RECORDED DATA

Lemma loc_valuation_domain_dfst (m : {pred A}) (M : {pred D}) :
  prime_ideal m -> (forall d, (d \in M) = (dfst d \in m)) ->
  (forall y, y \in b -> loc_zero (compl M) (dbeta y)) ->
  loc_valuation_domain (compl M) <-> loc_valuation_domain (compl m).
Proof.
move=> mP memM Mbeta; apply: (loc_valuation_domain_transfer mP memM).
  move=> r; exists (ddiag r), 1.
  by rewrite memM !rmorph1 dfst_ddiag mul1r; case: mP.
by move=> d d0; rewrite (dbetaE d0); apply: Mbeta; apply: dsnd_ker.
Qed.

Lemma dupl_loc_zero_split (m : {pred A}) a beta :
  1 \notin m -> loc_integral (compl (preim dfst m)) -> f a \in b -> beta \in b ->
  loc_zero (compl m) a \/ loc_zero (Sm f m b) beta.
Proof.
move=> m1 Dint fab betab.
have : loc_zero (compl (preim dfst m)) (dleft a * dbeta beta).
  by exists 1; rewrite ?mul_dleft_dbeta ?mulr0 // /compl inE rmorph1.
have mfst d : compl (preim dfst m) d -> compl m (dfst d) by [].
have mSm d : compl (preim dfst m) d -> Sm f m b (dsnd d).
  by move=> dm; apply/SmP; exists d.
case/Dint=> [/(loc_zero_rmorph mfst) | /(loc_zero_rmorph mSm)].
  by rewrite dfst_dleft; left.
by rewrite dsnd_dbeta //; right.
Qed.

Lemma loc_zero_dbeta (m : {pred A}) (M : {pred D}) :
  (forall d, (d \in M) = (dfst d \in m)) ->
  ((forall a, f a \in b -> a \in m) ->
     forall beta, beta \in b -> loc_zero (Sm f m b) beta) ->
  forall beta, beta \in b -> loc_zero (compl M) (dbeta beta).
Proof.
move=> memM Hb beta betab.
have [[a fab am]|fbm] := pselect (exists2 a, f a \in b & a \notin m).
  by exists (dleft a); rewrite ?mul_dleft_dbeta // /compl memM dfst_dleft.
have /Hb/(_ beta betab)[w /SmP[d dm <-] dbeta_eq0] : forall a, f a \in b -> a \in m.
  by move=> a fab; apply/negPn/negP => am; apply: fbm; exists a.
exists d; first by rewrite /compl memM.
by rewrite mulrC dbetaMr // mulrC dbeta_eq0 dbeta0.
Qed.

Lemma Sm_mulf (m : {pred A}) y u :
  prime_ideal m -> Sm f m b y -> u \notin m -> Sm f m b (y * f u).
Proof.
move=> mP [a [beta [am betab] ->]] um; exists (a * u), (beta * f u).
  by split; [exact: prime_idealM_notin | exact: idealMr].
by rewrite rmorphM mulrDl.
Qed.

Lemma loc_zero_Sm_of_fm_surjective (m : {pred A}) beta :
  prime_ideal m -> fm_surjective f m b -> beta \in b ->
  (forall a, f a \in b -> loc_zero (compl m) a \/ loc_zero (Sm f m b) beta) ->
  loc_zero (Sm f m b) beta.
Proof.
move=> mP surj betab Hsplit.
have Sm1 : Sm f m b 1 by exists 1, 0; rewrite ?rmorph1 ?addr0 ?ideal0; case: mP.
have [[x1 x2] /= x2m [w Sw]] := surj (beta, 1) Sm1.
rewrite /= mulr1 mulrBr => /eqP; rewrite subr_eq0 mulrA => /eqP wx1.
(* beta/1 = f x1/f x2 in B_{S_m}; writing w = f s + g, the product s x1 lies in
   f^{-1}(b). *)
have [s [g [[sm gb] ew]]] := Sw.
have fsx1 : f (s * x1) \in b.
  have -> : f (s * x1) = w * beta * f x2 - g * f x1 by rewrite rmorphM -wx1 ew; ring.
  by apply: idealB => //; apply: idealMr => //; apply: idealMl.
case: (Hsplit _ fsx1) => // -[t tm tsx1].
exists (w * f (t * s * x2)); first by apply: Sm_mulf; rewrite ?prime_idealM_notin.
have -> : w * f (t * s * x2) * beta = f (t * s) * (w * beta * f x2).
  by rewrite !rmorphM; ring.
rewrite -wx1 (_ : f (t * s) * _ = w * f (t * (s * x1))); last by rewrite !rmorphM; ring.
by rewrite tsx1 rmorph0 mulr0.
Qed.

TASK OBJECTIVE
Every line of the entries above that holds "case" should be copied out.

EXERCISE OUTPUT
  by rewrite memM !rmorph1 dfst_ddiag mul1r; case: mP.
case/Dint=> [/(loc_zero_rmorph mfst) | /(loc_zero_rmorph mSm)].
have Sm1 : Sm f m b 1 by exists 1, 0; rewrite ?rmorph1 ?addr0 ?ideal0; case: mP.
case: (Hsplit _ fsx1) => // -[t tm tsx1].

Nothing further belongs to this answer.